Only one stretch of the data below is wanted: the lines starting at the one with "- exact: profile_capacity prof' g'_le_D." and ending at the one with "Definition homeward a", both included, given again exactly.

:: Data shown

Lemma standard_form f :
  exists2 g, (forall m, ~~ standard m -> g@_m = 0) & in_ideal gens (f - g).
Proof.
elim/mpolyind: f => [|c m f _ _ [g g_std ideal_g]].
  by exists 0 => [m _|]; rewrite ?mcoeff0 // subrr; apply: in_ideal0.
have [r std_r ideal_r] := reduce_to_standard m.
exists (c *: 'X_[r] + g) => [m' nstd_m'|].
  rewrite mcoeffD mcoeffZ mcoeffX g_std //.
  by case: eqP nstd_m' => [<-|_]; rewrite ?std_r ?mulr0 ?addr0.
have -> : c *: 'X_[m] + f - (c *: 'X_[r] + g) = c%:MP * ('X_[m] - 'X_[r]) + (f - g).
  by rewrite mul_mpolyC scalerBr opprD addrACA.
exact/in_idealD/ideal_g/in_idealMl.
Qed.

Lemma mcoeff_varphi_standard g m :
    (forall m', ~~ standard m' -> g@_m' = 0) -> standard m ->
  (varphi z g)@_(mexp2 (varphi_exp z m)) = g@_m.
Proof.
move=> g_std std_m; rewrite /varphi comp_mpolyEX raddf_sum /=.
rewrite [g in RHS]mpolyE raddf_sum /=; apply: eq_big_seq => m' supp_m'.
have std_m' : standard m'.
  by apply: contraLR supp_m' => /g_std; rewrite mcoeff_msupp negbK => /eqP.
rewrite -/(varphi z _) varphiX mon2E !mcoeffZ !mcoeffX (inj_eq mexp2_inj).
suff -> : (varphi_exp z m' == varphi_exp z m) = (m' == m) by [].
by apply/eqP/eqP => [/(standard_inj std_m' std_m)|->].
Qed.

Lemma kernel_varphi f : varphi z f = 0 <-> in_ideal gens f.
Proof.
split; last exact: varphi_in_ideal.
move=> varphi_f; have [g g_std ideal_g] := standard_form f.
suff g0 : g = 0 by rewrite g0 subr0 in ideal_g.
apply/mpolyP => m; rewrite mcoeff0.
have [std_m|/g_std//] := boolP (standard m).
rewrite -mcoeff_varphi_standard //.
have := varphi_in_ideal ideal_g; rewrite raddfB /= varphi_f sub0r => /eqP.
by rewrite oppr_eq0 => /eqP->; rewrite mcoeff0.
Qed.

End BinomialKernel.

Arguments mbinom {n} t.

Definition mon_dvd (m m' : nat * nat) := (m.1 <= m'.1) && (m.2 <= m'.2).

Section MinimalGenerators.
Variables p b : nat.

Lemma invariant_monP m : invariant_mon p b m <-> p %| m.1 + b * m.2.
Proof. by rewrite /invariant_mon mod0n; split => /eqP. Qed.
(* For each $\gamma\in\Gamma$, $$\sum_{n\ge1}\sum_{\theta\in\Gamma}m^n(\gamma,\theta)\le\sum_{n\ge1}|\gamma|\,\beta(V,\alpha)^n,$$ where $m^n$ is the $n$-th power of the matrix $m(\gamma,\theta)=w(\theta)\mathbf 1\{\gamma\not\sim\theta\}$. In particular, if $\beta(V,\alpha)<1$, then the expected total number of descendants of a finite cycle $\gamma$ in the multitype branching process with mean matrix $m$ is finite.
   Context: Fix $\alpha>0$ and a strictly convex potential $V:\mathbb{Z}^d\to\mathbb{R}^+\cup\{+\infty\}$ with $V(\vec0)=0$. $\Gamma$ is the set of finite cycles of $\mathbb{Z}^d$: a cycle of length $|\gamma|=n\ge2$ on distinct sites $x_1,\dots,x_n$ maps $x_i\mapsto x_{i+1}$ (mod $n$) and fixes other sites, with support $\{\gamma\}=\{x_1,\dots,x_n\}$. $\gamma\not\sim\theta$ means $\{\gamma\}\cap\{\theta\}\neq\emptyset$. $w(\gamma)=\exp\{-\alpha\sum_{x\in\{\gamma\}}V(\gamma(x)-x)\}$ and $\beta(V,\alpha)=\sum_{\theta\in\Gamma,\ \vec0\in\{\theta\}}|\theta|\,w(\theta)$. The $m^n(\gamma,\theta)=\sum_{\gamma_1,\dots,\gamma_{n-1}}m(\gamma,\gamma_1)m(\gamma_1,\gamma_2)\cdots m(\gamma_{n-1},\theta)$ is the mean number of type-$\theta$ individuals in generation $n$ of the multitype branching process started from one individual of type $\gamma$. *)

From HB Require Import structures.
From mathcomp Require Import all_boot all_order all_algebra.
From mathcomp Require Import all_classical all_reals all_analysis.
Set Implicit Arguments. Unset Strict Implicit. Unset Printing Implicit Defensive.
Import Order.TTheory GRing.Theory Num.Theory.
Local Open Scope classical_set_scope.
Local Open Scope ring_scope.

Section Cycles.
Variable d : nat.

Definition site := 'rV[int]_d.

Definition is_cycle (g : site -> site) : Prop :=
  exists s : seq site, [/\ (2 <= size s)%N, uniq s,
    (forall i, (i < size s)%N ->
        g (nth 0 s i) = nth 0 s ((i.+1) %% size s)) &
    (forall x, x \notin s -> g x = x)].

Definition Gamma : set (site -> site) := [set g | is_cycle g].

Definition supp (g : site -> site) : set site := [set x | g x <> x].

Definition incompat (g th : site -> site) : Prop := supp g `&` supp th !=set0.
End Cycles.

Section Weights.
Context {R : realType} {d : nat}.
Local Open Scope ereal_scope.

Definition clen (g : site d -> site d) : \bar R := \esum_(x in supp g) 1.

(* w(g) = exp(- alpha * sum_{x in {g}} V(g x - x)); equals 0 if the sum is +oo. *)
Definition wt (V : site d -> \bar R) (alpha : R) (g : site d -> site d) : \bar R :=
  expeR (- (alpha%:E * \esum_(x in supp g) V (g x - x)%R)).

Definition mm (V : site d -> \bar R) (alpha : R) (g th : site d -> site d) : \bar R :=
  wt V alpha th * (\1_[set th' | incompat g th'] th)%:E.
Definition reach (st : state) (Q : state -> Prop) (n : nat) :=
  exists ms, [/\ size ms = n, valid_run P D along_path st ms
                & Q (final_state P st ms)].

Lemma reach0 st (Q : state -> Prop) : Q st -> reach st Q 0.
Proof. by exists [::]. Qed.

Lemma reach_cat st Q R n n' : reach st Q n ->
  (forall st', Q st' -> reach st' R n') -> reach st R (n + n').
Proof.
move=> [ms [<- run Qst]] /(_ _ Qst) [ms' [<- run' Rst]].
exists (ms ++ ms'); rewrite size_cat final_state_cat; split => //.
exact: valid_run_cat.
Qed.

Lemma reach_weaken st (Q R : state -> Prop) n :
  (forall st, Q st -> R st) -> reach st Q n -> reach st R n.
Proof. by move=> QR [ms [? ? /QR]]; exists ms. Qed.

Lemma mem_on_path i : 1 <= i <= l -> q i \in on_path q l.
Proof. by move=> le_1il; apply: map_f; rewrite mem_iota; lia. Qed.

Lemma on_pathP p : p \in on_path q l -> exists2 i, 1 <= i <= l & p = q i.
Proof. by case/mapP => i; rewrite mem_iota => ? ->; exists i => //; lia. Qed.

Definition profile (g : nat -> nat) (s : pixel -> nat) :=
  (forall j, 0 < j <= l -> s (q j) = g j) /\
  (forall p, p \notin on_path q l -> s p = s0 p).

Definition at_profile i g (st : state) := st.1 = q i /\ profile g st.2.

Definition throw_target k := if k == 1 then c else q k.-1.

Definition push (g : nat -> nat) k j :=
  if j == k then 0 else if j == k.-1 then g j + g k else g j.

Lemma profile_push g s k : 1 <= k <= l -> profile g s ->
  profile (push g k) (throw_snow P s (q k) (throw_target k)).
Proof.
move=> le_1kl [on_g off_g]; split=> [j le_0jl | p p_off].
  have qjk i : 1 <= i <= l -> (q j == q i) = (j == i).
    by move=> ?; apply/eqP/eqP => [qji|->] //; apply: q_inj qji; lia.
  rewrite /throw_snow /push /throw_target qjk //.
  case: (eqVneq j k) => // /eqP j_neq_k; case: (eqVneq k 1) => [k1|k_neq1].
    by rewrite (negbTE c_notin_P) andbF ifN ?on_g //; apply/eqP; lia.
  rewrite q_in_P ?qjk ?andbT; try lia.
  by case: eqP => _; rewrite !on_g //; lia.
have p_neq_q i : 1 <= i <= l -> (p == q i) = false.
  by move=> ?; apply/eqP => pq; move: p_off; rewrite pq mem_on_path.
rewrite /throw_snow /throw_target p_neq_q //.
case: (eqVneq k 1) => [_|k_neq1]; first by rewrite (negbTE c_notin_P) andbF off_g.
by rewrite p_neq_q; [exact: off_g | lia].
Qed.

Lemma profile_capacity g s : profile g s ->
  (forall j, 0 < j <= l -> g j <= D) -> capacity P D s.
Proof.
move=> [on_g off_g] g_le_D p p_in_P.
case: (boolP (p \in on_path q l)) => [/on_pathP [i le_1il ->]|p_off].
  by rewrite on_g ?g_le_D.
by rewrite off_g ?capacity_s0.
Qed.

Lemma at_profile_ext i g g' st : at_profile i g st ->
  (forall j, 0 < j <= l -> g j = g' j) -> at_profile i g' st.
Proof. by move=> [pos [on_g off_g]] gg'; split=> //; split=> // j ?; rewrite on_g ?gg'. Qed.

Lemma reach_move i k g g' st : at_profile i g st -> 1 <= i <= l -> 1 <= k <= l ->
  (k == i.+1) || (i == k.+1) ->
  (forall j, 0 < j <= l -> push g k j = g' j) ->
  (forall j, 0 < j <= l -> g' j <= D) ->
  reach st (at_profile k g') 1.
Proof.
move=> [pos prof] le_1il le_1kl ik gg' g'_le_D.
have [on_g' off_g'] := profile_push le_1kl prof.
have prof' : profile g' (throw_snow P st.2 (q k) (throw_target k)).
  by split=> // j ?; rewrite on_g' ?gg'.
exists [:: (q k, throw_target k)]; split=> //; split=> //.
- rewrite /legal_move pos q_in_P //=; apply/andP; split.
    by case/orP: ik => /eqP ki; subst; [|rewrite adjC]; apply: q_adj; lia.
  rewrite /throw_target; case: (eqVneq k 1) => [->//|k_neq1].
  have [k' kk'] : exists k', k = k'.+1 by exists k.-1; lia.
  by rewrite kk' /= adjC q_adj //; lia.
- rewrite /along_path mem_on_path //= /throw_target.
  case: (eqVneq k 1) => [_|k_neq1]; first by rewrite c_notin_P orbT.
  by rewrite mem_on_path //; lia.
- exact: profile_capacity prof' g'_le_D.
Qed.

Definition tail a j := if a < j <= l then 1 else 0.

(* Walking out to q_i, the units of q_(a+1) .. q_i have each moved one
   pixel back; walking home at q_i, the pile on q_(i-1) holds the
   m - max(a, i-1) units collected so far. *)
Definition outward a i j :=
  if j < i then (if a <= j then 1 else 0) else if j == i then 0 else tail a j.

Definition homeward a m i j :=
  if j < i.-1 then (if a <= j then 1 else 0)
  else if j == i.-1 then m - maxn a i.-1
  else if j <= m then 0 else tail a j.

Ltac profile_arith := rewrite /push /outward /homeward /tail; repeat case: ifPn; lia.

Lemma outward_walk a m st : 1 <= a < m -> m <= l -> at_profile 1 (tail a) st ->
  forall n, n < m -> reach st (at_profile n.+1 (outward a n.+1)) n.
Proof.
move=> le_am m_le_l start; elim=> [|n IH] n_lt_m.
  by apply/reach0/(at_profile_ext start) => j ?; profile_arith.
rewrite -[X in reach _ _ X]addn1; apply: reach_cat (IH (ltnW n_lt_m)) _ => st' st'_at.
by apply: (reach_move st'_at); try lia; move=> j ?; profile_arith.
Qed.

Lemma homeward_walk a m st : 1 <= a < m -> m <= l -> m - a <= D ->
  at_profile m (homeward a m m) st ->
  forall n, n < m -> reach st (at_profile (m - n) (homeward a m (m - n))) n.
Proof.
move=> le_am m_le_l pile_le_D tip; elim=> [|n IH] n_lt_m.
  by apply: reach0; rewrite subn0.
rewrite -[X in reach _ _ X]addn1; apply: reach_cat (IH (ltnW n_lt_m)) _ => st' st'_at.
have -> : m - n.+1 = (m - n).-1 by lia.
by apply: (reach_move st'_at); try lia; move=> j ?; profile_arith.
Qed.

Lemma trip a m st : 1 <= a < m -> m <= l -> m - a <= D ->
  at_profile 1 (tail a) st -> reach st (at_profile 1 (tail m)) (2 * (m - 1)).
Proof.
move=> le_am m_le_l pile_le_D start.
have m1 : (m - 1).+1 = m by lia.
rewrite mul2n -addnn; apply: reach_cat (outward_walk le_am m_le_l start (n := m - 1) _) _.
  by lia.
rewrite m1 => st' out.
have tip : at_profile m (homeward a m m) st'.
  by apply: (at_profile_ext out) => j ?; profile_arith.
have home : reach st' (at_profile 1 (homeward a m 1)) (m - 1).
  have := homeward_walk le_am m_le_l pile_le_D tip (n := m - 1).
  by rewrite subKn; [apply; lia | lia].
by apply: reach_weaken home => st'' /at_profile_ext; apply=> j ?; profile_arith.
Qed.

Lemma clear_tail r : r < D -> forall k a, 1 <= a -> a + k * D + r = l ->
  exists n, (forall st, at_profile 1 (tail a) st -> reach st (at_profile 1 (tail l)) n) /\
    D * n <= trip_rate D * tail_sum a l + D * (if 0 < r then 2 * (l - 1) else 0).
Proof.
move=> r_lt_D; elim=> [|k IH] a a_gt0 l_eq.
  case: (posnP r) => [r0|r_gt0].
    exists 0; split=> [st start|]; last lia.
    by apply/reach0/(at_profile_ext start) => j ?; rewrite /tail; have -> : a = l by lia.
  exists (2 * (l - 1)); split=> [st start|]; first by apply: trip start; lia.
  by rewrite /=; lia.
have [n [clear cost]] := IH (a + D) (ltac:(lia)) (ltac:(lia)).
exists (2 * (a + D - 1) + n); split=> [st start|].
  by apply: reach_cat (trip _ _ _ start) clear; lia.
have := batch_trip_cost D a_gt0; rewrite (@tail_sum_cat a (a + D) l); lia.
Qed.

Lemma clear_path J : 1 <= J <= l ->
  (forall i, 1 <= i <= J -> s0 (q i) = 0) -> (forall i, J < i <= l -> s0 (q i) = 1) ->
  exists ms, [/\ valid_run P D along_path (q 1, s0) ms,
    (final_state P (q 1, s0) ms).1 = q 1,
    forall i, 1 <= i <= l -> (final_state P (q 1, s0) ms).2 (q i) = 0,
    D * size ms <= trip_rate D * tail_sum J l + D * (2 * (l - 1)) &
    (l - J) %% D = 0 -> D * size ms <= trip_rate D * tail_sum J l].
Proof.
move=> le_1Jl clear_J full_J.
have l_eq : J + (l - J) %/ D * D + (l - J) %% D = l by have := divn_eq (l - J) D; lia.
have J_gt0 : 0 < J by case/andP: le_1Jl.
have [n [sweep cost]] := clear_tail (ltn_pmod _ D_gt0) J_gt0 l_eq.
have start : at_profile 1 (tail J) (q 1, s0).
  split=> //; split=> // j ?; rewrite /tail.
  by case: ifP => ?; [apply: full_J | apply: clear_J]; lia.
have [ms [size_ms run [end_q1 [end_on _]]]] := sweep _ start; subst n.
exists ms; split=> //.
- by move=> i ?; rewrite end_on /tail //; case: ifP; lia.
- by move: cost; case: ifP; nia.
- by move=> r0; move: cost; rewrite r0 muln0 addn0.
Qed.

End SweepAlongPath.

::::

§ Solved problem:
- exact: profile_capacity prof' g'_le_D.
Qed.

Definition tail a j := if a < j <= l then 1 else 0.

(* Walking out to q_i, the units of q_(a+1) .. q_i have each moved one
   pixel back; walking home at q_i, the pile on q_(i-1) holds the
   m - max(a, i-1) units collected so far. *)
Definition outward a i j :=
  if j < i then (if a <= j then 1 else 0) else if j == i then 0 else tail a j.

Definition homeward a m i j :=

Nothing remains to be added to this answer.